*Required action*.
Check each line of the data for "exact" and select those that have it.

*Extracted data entries*.
Lemma admissible_of_net : is_net0 b m s P -> admissible b m s P s.
Proof.
move=> net k n lt_kn; rewrite -PoszD expB_neg.
have [l le_lm /all_and2[pref_l max_l]] : exists2 l : 'I_s -> nat, forall j, (l j <= m)%N &
    forall j, same_prefix (P n j) (P k j) (l j) /\
              ((l j < m)%N -> ~~ same_prefix (P n j) (P k j) (l j).+1).
  exact: fin_all_exists2 (fun j => longest_same_prefix m (P01 n j) (P01 k j)).
have [/exists_leq_sum_eq[dd [le_dd_l sum_dd]]|lt_sum_m] := leqP m (\sum_j l j).
  pose aa j := nat_of_ord (bcell (P n j) (dd j)).
  have box_n : in_elem_box b dd aa (P n) by rewrite in_elem_boxE //; apply/forallP.
  have box_k : in_elem_box b dd aa (P k).
    rewrite in_elem_boxE //; apply/forallP => j; rewrite /aa eq_sym.
    by rewrite -[_ == _]/(_ == _ :> 'I__) bcell_eq // (same_prefix_le (le_dd_l j)).
  have := net dd aa sum_dd (fun j => ltn_ord _).
  move/eqP/cards1P => [n0 /setP cell_n0].
  have /set1P eq_n : n \in [set n0] by rewrite -cell_n0 inE.
  have /set1P eq_k : k \in [set n0] by rewrite -cell_n0 inE.
  by rewrite eq_n eq_k ltnn in lt_kn.
have lt_lm j : (l j < m)%N.
  by apply: leq_ltn_trans lt_sum_m; rewrite (bigD1 j) //= leq_addr.
apply: lt_le_trans (bnorm_sub_pt_ge _ _ (fun j => max_l j (lt_lm j))) => //.
by rewrite ltr_iXn2l ?q_gt0 ?q_lt1 // ltn_add2r.
Qed.

Lemma not_admissible_lt (d : int) : (0 < s)%N -> (0 < m)%N ->
  d < s%:Z -> ~ admissible b m s P d.
Proof.
move=> s_gt0 m_gt0 lt_ds adm; pose j0 : 'I_s := Ordinal s_gt0.
pose cell n := bcell (P n j0) m.-1.
have /injectivePn[n1 [n2 neq_n12 eq_cell]] : ~~ injectiveb cell.
  have lt_pow : (b ^ m.-1 < b ^ m)%N by rewrite ltn_exp2l //; lia.
  by apply/negP => /injectiveP/leq_card; rewrite !card_ord leqNgt lt_pow.
wlog lt_n12 : n1 n2 neq_n12 eq_cell / (n1 < n2)%N => [wlog_lt|].
  have [lt12|lt21|/val_inj eq12] := ltngtP n1 n2.
  - exact: wlog_lt neq_n12 eq_cell lt12.
  - by apply: (wlog_lt n2 n1) => //; rewrite eq_sym.
  - by rewrite eq12 eqxx in neq_n12.
have pref j : same_prefix (P n2 j) (P n1 j) ((j == j0) * m.-1).
  case: eqP => [->|_]; last exact: same_prefix0.
  by rewrite mul1n -bcell_eq // -/(cell n1) -/(cell n2) eq_cell.
move: (adm n1 n2 lt_n12); apply/negP; rewrite -leNgt.
apply: le_trans (bnorm_sub_pt_le pref) _.
rewrite (bigD1 j0) //= mul1n big1 ?addn0 => [|j /negbTE->//].
rewrite -expB_neg ler_weXz2l ?ler1n 1?ltnW //.
by rewrite -(prednK m_gt0); lia.
Qed.

End Nets.
End Digits.

Theorem lemma2p1 (R : realType) (b s m : nat)
  (hb : (2 <= b)%N) (hs : (1 <= s)%N) (hm : (1 <= m)%N)
  (P : 'I_(b ^ m) -> 'I_s -> R)
  (hP : forall n j, 0 <= P n j < 1) :
  (admissible b m s P s%:Z <-> is_net0 b m s P) /\
  (forall d : int, d < s%:Z -> ~ admissible b m s P d).
Proof.
split; first split.
- exact: net_of_admissible.
- exact: admissible_of_net.
- by move=> d; apply: not_admissible_lt.
Qed.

*Response to this exercise*.
  exact: fin_all_exists2 (fun j => longest_same_prefix m (P01 n j) (P01 k j)).
  - exact: wlog_lt neq_n12 eq_cell lt12.
  case: eqP => [->|_]; last exact: same_prefix0.
- exact: net_of_admissible.
- exact: admissible_of_net.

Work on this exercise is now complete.